◆ What the task requires:
The answer must consist of the records below, repeated exactly.

◆ Recorded data:
(* Let $G$ be a finite primitive monolithic soluble group. If $G$ is weakly minmax, then the derived length of $G$ is at most $3$.
   Context: A finite group is primitive if it has a core-free maximal subgroup, and monolithic if it has a unique minimal normal subgroup. A subgroup of $G$ is a maximal intersection if it is an intersection of finitely many (at least one) maximal subgroups of $G$; $\mathcal M(G)$ is the poset under inclusion consisting of $G$ and all maximal intersections in $G$. An unrefinable chain in $\mathcal M(G)$ is a chain $K_t<\dots<K_0$ of elements of $\mathcal M(G)$ to which no further element of $\mathcal M(G)$ can be added; its length is $t$. $\mathrm{MinInt}(G)$ and $\mathrm{MaxInt}(G)$ are the minimal and maximal lengths of unrefinable chains in $\mathcal M(G)$. $\alpha(G)$ is the smallest cardinality of a family of maximal subgroups of $G$ whose intersection equals the Frattini subgroup $\Phi(G)$. $G$ is weakly minmax if $\mathrm{MinInt}(G)=\mathrm{MaxInt}(G)=\alpha(G)$. *)

From mathcomp Require Import all_boot all_fingroup all_solvable.
Set Implicit Arguments. Unset Strict Implicit. Unset Printing Implicit Defensive.
Local Open Scope group_scope.

Section Defs.
Variable gT : finGroupType.
Implicit Types G H : {set gT}.

Definition primitive_group (G : {group gT}) : bool :=
  [exists M : {group gT}, maximal M G && (gcore M G == 1)].

Definition min_normal (N G : {group gT}) : bool := minnormal N G && (N \subset G).

Definition monolithic (G : {group gT}) : Prop :=
  exists N : {group gT}, min_normal N G /\
    forall N' : {group gT}, min_normal N' G -> N' = N.

Definition max_intersection (G : {group gT}) H : bool :=
  [exists F : {set {group gT}},
     [&& F != set0, [forall M in F, maximal M G] & H == \bigcap_(M in F) (M : {set gT})]].

Definition MI (G : {group gT}) : {set {set gT}} :=
  [set H : {set gT} | (H == G) || max_intersection G H].

Definition MI_chain (G : {group gT}) (C : {set {set gT}}) : bool :=
  (C \subset MI G) &&
  [forall H in C, forall K in C, (H \subset K) || (K \subset H)].

Definition unrefinable_chain (G : {group gT}) (C : {set {set gT}}) : bool :=
  MI_chain G C &&
  [forall H in MI G, (H \notin C) ==> ~~ MI_chain G (H |: C)].

Definition chain_length (C : {set {set gT}}) : nat := (#|C|).-1.

(* MinInt(G): minimal length of an unrefinable chain (the default #|MI G| exceeds
   every chain length, and unrefinable chains always exist). *)
Definition MinInt (G : {group gT}) : nat :=
  \big[minn/#|MI G|]_(C : {set {set gT}} | unrefinable_chain G C) chain_length C.

Definition MaxInt (G : {group gT}) : nat :=
  \max_(C : {set {set gT}} | unrefinable_chain G C) chain_length C.

(* alpha(G): least cardinality of a family of maximal subgroups of G whose
   intersection is the Frattini subgroup (the empty family's intersection is
   taken to be G; the default #|gT|.+1 is never reached since the family of
   all maximal subgroups works). *)
Definition alpha (G : {group gT}) : nat :=
  \big[minn/#|{group gT}|.+1]_(F : {set {group gT}} |
       [forall M in F, maximal M G] && (G :&: \bigcap_(M in F) (M : {set gT}) == 'Phi(G)))
    #|F|.

Definition weakly_minmax (G : {group gT}) : Prop :=
  MinInt G = MaxInt G /\ MaxInt G = alpha G.

End Defs.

◆ Solution for this problem:
(* Let $G$ be a finite primitive monolithic soluble group. If $G$ is weakly minmax, then the derived length of $G$ is at most $3$.
   Context: A finite group is primitive if it has a core-free maximal subgroup, and monolithic if it has a unique minimal normal subgroup. A subgroup of $G$ is a maximal intersection if it is an intersection of finitely many (at least one) maximal subgroups of $G$; $\mathcal M(G)$ is the poset under inclusion consisting of $G$ and all maximal intersections in $G$. An unrefinable chain in $\mathcal M(G)$ is a chain $K_t<\dots<K_0$ of elements of $\mathcal M(G)$ to which no further element of $\mathcal M(G)$ can be added; its length is $t$. $\mathrm{MinInt}(G)$ and $\mathrm{MaxInt}(G)$ are the minimal and maximal lengths of unrefinable chains in $\mathcal M(G)$. $\alpha(G)$ is the smallest cardinality of a family of maximal subgroups of $G$ whose intersection equals the Frattini subgroup $\Phi(G)$. $G$ is weakly minmax if $\mathrm{MinInt}(G)=\mathrm{MaxInt}(G)=\alpha(G)$. *)

From mathcomp Require Import all_boot all_fingroup all_solvable.
Set Implicit Arguments. Unset Strict Implicit. Unset Printing Implicit Defensive.
Local Open Scope group_scope.

Section Defs.
Variable gT : finGroupType.
Implicit Types G H : {set gT}.

Definition primitive_group (G : {group gT}) : bool :=
  [exists M : {group gT}, maximal M G && (gcore M G == 1)].

Definition min_normal (N G : {group gT}) : bool := minnormal N G && (N \subset G).

Definition monolithic (G : {group gT}) : Prop :=
  exists N : {group gT}, min_normal N G /\
    forall N' : {group gT}, min_normal N' G -> N' = N.

Definition max_intersection (G : {group gT}) H : bool :=
  [exists F : {set {group gT}},
     [&& F != set0, [forall M in F, maximal M G] & H == \bigcap_(M in F) (M : {set gT})]].

Definition MI (G : {group gT}) : {set {set gT}} :=
  [set H : {set gT} | (H == G) || max_intersection G H].

Definition MI_chain (G : {group gT}) (C : {set {set gT}}) : bool :=
  (C \subset MI G) &&
  [forall H in C, forall K in C, (H \subset K) || (K \subset H)].

Definition unrefinable_chain (G : {group gT}) (C : {set {set gT}}) : bool :=
  MI_chain G C &&
  [forall H in MI G, (H \notin C) ==> ~~ MI_chain G (H |: C)].

Definition chain_length (C : {set {set gT}}) : nat := (#|C|).-1.

(* MinInt(G): minimal length of an unrefinable chain (the default #|MI G| exceeds
   every chain length, and unrefinable chains always exist). *)
Definition MinInt (G : {group gT}) : nat :=
  \big[minn/#|MI G|]_(C : {set {set gT}} | unrefinable_chain G C) chain_length C.

Definition MaxInt (G : {group gT}) : nat :=
  \max_(C : {set {set gT}} | unrefinable_chain G C) chain_length C.

(* alpha(G): least cardinality of a family of maximal subgroups of G whose
   intersection is the Frattini subgroup (the empty family's intersection is
   taken to be G; the default #|gT|.+1 is never reached since the family of
   all maximal subgroups works). *)
Definition alpha (G : {group gT}) : nat :=
  \big[minn/#|{group gT}|.+1]_(F : {set {group gT}} |
       [forall M in F, maximal M G] && (G :&: \bigcap_(M in F) (M : {set gT}) == 'Phi(G)))
    #|F|.

Definition weakly_minmax (G : {group gT}) : Prop :=
  MinInt G = MaxInt G /\ MaxInt G = alpha G.

End Defs.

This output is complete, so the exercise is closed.